[Saved entries]
....

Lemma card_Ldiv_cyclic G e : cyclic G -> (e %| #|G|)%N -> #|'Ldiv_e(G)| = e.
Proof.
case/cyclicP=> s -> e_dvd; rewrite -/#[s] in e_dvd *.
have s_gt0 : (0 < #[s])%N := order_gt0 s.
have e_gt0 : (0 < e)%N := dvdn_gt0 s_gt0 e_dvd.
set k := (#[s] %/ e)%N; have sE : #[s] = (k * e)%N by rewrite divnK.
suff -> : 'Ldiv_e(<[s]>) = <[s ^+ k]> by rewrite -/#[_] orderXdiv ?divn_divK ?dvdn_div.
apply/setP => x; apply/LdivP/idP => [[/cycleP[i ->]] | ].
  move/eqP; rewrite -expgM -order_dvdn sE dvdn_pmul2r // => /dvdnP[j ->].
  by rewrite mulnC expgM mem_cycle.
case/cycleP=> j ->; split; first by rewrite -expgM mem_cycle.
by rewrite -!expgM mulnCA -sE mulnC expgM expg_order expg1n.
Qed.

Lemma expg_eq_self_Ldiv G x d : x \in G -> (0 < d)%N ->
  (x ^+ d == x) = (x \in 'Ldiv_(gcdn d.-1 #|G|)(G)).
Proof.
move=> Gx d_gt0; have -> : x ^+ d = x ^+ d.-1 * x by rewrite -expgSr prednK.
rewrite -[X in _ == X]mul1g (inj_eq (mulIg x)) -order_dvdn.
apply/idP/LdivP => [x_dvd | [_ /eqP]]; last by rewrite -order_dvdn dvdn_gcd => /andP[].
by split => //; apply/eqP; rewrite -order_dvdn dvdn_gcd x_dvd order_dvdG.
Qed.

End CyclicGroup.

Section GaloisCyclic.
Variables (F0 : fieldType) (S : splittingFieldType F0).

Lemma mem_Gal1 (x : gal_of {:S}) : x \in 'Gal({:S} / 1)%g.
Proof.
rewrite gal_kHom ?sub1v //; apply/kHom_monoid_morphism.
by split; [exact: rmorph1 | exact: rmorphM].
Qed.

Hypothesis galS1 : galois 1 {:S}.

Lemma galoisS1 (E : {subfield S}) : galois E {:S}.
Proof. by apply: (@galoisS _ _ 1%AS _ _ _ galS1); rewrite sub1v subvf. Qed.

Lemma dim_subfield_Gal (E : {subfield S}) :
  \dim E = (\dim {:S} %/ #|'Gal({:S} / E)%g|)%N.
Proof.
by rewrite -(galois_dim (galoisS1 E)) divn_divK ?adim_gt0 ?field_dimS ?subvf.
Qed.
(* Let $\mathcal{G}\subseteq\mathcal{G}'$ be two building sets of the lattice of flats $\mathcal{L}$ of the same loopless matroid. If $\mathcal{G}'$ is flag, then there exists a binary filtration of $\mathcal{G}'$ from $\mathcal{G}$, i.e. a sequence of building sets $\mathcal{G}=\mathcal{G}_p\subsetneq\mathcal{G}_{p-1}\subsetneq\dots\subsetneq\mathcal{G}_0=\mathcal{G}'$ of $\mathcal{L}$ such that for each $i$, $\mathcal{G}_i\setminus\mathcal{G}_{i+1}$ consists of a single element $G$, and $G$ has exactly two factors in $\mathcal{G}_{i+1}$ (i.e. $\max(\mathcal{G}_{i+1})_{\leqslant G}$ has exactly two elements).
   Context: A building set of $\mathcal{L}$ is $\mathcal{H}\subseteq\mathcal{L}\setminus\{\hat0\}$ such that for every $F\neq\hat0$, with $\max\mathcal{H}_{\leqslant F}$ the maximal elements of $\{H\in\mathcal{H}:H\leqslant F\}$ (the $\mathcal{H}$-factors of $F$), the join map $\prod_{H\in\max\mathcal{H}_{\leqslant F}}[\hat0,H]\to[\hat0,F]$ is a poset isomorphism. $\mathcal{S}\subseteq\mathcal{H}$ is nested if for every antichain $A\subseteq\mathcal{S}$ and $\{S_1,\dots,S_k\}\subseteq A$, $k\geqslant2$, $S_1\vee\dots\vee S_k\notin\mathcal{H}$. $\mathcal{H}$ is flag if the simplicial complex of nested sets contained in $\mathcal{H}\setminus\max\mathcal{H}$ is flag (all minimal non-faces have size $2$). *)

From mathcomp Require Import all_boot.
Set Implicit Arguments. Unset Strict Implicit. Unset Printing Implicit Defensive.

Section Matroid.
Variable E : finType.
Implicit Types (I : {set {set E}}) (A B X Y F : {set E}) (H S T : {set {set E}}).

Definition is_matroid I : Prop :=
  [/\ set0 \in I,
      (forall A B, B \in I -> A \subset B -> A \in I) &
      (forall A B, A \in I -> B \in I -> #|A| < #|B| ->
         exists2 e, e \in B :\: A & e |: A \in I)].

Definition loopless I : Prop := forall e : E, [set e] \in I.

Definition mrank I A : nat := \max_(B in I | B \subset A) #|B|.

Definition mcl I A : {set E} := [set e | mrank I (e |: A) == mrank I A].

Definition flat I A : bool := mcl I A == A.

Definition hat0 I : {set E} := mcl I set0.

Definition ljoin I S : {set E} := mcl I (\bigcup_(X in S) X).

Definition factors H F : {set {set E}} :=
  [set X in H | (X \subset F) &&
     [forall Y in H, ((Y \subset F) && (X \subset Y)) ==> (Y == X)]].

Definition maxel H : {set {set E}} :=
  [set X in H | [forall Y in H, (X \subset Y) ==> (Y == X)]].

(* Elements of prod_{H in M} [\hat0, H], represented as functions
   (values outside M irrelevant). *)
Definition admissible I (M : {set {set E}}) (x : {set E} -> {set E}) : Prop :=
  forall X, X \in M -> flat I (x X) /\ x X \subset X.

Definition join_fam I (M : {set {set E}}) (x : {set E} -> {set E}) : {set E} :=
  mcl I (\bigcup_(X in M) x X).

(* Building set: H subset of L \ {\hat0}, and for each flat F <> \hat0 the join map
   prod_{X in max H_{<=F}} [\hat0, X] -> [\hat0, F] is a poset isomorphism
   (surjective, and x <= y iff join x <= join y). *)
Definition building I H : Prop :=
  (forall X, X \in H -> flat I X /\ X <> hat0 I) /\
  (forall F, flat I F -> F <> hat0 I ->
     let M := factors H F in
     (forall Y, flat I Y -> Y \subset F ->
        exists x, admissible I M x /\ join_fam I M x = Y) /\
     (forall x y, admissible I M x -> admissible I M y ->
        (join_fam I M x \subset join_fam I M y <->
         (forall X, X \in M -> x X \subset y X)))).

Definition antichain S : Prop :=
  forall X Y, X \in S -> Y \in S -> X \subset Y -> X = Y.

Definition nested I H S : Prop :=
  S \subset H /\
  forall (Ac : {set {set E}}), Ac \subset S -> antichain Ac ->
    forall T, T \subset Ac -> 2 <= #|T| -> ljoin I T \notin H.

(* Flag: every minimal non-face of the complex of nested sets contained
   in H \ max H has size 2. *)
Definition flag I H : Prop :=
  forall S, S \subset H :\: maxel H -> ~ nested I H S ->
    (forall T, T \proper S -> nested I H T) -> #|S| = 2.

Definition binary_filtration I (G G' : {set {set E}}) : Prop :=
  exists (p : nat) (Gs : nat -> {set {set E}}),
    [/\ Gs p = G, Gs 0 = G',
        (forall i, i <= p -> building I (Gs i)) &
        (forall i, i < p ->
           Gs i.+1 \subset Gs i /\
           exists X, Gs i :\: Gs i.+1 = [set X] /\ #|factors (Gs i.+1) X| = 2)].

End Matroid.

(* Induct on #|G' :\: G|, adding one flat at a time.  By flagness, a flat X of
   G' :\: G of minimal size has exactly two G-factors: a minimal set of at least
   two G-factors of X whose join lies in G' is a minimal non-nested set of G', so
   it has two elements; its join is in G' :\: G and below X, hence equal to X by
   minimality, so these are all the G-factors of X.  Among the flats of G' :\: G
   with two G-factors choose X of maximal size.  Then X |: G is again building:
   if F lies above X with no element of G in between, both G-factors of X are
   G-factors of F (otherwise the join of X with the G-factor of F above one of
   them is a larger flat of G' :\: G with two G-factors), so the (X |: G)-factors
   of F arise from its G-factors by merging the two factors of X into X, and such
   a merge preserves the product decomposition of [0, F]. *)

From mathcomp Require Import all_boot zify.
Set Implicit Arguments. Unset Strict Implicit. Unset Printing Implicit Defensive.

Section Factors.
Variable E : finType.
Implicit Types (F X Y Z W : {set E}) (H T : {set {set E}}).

....

◆ **Problem**: Using the data above, reproduce exactly the lines between those holding "(* Induct on" and "with two G-factors choose", inclusive, and no others.

◆ **Finished exercise**:
(* Induct on #|G' :\: G|, adding one flat at a time.  By flagness, a flat X of
   G' :\: G of minimal size has exactly two G-factors: a minimal set of at least
   two G-factors of X whose join lies in G' is a minimal non-nested set of G', so
   it has two elements; its join is in G' :\: G and below X, hence equal to X by
   minimality, so these are all the G-factors of X.  Among the flats of G' :\: G
   with two G-factors choose X of maximal size.  Then X |: G is again building:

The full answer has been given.